Instructions to follow: Using the data below, find how many lines include the word "Types" and report that figure alone.

BEGIN Recorded data

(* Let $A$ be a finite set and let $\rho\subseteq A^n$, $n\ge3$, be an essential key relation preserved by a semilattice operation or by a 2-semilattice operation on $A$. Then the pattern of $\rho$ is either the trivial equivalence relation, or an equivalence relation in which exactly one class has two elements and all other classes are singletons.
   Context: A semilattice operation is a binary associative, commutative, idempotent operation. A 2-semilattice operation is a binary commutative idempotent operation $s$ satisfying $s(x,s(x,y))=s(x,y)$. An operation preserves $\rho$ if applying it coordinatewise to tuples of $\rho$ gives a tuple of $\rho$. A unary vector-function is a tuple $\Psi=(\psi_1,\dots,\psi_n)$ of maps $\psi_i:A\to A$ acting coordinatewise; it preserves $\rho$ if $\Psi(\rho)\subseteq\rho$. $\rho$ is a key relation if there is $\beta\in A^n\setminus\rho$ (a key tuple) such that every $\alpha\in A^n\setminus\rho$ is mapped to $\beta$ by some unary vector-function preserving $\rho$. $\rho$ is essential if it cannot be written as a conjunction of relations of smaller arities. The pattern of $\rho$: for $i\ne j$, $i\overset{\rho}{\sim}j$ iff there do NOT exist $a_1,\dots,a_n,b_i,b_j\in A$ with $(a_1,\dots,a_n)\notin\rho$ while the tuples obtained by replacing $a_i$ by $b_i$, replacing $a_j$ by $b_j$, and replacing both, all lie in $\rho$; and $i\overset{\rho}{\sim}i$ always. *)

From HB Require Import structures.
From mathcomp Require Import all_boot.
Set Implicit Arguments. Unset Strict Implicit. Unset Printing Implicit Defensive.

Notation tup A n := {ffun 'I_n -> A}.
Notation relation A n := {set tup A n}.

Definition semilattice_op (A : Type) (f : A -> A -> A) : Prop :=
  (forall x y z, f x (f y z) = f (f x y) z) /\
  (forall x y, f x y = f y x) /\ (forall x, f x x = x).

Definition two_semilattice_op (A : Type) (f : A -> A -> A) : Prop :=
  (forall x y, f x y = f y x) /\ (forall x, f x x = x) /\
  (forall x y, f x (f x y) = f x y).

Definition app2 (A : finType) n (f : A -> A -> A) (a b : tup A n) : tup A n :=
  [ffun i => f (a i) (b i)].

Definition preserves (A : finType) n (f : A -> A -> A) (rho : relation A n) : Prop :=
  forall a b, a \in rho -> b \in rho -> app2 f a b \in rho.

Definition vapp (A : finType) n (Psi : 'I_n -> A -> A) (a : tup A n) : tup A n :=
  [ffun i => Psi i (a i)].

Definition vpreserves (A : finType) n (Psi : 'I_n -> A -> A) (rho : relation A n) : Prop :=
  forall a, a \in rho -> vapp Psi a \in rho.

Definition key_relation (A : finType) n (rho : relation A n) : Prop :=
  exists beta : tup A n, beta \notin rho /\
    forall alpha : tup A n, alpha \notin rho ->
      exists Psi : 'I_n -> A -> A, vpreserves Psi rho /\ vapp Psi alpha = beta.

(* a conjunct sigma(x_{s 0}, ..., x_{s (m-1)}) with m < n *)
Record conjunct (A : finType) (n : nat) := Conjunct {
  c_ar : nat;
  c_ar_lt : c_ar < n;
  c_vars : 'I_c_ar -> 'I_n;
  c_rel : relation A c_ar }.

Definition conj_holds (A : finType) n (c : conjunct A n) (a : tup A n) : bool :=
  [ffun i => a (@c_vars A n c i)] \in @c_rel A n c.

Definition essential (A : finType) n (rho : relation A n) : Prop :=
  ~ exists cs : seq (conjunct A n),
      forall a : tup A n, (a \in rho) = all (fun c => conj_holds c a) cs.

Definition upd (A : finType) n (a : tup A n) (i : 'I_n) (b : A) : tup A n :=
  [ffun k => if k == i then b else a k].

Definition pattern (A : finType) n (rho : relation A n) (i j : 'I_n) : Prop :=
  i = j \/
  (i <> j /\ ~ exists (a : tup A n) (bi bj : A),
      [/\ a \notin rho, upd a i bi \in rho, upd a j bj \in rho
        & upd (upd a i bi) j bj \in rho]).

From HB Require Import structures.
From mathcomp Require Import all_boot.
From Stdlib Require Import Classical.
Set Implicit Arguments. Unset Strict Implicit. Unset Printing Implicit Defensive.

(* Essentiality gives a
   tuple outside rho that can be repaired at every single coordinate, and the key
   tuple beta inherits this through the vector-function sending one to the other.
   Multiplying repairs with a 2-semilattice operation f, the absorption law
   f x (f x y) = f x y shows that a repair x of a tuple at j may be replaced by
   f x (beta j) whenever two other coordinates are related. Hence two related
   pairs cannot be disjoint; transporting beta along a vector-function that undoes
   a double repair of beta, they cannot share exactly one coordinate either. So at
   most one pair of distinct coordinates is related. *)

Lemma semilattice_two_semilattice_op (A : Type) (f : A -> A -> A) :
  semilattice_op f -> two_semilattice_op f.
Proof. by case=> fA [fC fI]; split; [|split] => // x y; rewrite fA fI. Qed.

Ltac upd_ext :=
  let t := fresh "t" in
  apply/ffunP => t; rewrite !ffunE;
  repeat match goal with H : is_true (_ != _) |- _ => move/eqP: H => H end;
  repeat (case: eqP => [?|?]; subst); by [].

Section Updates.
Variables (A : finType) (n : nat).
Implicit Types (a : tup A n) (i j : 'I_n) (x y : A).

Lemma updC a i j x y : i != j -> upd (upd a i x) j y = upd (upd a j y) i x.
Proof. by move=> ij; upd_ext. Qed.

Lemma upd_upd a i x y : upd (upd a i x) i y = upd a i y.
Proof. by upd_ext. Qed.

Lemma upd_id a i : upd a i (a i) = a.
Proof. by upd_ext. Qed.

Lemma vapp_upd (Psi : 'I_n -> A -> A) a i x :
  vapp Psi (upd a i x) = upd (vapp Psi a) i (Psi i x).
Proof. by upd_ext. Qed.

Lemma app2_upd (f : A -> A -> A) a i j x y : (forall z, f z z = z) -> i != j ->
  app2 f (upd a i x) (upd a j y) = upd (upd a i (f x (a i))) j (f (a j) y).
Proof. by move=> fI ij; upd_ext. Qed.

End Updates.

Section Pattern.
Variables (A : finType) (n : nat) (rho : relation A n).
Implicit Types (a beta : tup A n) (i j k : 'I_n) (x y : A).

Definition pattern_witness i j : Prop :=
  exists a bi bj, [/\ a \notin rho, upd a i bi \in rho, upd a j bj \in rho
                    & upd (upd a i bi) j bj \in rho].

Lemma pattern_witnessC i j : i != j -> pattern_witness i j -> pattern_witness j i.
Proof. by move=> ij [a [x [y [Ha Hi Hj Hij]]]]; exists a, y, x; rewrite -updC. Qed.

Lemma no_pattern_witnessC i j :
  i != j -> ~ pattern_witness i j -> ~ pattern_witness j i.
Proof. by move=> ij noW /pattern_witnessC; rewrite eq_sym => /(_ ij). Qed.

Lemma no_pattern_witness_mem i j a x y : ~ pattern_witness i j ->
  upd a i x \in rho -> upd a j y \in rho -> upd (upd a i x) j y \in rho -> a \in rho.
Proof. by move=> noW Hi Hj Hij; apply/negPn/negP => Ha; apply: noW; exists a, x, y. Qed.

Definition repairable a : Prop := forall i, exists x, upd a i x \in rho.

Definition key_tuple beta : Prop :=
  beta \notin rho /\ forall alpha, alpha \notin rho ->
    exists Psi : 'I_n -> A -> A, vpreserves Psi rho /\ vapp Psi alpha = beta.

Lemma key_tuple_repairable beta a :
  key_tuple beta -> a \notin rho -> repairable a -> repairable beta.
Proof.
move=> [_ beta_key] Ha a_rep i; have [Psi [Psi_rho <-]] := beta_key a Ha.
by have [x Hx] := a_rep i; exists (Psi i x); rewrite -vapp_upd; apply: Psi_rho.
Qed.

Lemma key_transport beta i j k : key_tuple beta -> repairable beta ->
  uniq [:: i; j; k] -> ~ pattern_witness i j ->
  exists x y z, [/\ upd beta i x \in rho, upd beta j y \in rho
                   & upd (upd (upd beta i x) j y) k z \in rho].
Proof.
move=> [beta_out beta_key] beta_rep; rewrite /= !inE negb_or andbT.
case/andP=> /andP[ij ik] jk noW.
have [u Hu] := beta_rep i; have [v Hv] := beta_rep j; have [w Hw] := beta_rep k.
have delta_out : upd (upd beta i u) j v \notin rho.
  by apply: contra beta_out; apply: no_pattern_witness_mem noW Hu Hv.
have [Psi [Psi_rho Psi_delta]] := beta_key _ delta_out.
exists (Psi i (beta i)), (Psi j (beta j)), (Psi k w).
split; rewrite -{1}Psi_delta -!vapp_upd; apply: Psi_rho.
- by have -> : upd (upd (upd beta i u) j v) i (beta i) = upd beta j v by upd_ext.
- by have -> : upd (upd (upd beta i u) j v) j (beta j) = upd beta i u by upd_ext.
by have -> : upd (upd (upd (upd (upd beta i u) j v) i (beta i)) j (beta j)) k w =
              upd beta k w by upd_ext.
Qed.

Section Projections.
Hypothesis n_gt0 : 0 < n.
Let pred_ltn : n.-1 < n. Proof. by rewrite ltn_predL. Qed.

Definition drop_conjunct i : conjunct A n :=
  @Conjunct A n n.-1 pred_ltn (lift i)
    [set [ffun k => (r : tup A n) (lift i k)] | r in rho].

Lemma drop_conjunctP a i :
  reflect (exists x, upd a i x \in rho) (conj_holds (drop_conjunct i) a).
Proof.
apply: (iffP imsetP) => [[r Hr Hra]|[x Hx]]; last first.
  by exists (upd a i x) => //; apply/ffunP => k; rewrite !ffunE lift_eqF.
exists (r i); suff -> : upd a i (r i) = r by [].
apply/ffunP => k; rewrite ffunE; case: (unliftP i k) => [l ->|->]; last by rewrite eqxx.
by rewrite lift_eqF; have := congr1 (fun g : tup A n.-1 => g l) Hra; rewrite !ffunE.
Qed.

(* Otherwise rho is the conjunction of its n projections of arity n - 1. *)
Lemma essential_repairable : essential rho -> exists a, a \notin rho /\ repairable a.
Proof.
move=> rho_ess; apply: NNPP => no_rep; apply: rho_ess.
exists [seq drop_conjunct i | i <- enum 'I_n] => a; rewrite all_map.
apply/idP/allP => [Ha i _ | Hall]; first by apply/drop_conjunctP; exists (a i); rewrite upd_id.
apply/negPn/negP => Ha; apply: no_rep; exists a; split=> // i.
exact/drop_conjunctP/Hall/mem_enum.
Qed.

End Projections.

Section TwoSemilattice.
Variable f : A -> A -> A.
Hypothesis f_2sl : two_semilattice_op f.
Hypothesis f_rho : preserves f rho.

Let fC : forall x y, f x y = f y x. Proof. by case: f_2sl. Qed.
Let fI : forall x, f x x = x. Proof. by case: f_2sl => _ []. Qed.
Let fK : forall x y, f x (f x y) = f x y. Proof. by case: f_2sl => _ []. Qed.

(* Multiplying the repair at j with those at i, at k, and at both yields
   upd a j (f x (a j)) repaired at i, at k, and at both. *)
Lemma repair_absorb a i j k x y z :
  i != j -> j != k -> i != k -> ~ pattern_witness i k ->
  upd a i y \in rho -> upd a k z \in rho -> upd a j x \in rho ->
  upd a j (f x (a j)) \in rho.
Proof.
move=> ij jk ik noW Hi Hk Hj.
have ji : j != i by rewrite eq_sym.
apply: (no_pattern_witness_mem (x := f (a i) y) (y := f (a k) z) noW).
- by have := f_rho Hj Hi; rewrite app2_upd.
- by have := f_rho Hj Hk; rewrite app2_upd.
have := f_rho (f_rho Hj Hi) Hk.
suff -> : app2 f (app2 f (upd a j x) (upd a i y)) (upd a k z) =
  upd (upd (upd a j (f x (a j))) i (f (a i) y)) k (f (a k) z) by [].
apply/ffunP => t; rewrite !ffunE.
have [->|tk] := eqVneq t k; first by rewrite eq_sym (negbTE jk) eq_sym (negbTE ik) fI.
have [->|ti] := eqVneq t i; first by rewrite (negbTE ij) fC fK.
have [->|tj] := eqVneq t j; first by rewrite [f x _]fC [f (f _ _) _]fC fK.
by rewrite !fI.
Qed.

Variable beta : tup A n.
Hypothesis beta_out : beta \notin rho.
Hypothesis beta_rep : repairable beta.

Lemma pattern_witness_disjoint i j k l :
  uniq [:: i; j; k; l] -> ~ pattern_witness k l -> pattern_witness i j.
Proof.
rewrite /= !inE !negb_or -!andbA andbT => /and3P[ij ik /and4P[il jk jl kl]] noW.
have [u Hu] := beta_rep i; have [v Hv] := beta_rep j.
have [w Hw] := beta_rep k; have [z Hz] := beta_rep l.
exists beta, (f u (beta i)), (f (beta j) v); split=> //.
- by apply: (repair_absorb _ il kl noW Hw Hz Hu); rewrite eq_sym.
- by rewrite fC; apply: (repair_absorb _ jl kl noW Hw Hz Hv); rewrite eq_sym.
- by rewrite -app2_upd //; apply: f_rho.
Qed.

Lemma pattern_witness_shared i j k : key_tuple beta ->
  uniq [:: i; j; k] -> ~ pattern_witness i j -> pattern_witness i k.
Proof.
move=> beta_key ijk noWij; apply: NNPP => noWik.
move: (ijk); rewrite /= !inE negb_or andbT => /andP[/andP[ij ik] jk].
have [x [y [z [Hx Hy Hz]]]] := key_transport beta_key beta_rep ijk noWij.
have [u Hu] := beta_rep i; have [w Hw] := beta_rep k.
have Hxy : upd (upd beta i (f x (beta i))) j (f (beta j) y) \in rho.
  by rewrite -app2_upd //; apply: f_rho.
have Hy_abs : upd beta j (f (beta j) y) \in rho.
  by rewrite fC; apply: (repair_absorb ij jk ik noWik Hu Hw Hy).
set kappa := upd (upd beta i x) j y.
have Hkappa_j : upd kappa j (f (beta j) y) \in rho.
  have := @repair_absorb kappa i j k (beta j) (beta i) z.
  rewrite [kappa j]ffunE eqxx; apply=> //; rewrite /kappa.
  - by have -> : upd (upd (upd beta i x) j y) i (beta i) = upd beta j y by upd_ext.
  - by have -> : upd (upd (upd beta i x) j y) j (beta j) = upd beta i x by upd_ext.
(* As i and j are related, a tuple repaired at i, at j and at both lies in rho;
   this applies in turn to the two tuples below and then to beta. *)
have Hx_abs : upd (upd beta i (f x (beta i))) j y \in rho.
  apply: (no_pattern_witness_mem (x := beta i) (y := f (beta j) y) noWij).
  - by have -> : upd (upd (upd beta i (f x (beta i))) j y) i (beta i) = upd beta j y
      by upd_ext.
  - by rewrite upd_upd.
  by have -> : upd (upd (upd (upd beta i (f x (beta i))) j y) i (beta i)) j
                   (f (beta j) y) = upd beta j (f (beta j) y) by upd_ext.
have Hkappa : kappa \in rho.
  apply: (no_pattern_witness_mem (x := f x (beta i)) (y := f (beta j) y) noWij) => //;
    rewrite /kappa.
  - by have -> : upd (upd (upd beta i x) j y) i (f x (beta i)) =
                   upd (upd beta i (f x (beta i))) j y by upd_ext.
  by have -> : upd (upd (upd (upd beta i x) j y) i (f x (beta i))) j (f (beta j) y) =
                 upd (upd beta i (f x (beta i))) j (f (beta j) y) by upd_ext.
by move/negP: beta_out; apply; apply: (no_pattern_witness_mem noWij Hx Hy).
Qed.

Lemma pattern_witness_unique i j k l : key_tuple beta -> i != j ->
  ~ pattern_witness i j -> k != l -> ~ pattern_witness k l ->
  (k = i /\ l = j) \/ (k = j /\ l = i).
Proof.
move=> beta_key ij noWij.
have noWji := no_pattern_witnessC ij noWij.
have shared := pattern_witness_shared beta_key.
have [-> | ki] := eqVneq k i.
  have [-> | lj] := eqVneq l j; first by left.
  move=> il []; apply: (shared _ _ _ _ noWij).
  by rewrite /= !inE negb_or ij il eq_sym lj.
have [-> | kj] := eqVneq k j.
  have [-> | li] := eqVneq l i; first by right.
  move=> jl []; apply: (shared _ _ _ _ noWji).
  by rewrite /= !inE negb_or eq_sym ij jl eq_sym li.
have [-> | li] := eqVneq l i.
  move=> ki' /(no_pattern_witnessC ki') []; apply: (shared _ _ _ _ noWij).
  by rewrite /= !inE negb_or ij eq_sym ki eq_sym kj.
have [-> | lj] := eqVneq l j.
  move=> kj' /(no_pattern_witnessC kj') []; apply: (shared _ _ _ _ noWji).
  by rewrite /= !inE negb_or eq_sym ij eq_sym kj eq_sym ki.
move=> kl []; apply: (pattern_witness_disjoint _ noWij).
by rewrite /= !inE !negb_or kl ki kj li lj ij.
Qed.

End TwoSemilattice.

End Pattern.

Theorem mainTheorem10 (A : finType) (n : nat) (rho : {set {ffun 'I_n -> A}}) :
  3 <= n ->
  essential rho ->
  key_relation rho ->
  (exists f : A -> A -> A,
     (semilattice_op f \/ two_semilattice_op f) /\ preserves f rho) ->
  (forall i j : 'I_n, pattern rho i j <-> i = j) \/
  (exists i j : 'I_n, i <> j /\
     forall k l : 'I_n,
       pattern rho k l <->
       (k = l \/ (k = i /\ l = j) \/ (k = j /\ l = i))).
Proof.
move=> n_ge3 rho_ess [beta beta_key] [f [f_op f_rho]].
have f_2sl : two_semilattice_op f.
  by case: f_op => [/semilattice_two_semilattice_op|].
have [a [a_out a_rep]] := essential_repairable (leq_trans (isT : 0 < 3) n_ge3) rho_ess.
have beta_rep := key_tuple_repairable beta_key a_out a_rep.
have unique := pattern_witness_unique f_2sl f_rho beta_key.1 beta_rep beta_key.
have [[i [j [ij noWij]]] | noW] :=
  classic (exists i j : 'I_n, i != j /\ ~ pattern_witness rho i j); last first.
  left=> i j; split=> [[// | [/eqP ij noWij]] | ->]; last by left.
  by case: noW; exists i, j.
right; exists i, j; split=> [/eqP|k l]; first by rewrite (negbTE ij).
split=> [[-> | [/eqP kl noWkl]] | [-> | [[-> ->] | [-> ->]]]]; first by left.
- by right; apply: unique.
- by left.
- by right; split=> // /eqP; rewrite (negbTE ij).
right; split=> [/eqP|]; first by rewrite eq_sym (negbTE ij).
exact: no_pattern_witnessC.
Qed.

END Recorded data
BEGIN Recorded data

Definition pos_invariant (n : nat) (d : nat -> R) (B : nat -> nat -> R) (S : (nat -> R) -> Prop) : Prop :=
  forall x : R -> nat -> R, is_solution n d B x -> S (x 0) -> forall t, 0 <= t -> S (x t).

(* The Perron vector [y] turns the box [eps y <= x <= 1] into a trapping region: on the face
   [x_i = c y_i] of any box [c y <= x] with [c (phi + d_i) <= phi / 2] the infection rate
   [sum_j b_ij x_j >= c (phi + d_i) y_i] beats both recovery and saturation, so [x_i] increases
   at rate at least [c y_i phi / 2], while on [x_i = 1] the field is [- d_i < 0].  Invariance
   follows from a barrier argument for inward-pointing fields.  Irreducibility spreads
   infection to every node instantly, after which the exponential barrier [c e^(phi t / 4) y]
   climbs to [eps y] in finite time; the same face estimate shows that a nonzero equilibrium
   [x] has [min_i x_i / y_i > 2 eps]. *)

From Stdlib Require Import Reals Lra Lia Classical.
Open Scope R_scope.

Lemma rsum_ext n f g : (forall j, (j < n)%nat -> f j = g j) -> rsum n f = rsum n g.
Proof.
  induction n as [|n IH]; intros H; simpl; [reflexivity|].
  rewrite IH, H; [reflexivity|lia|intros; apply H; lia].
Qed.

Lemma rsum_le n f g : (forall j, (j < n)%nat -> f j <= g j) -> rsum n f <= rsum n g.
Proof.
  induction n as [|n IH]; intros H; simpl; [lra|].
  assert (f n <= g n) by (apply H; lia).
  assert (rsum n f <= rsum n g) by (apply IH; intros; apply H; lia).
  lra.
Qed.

END Recorded data

Answer section: 2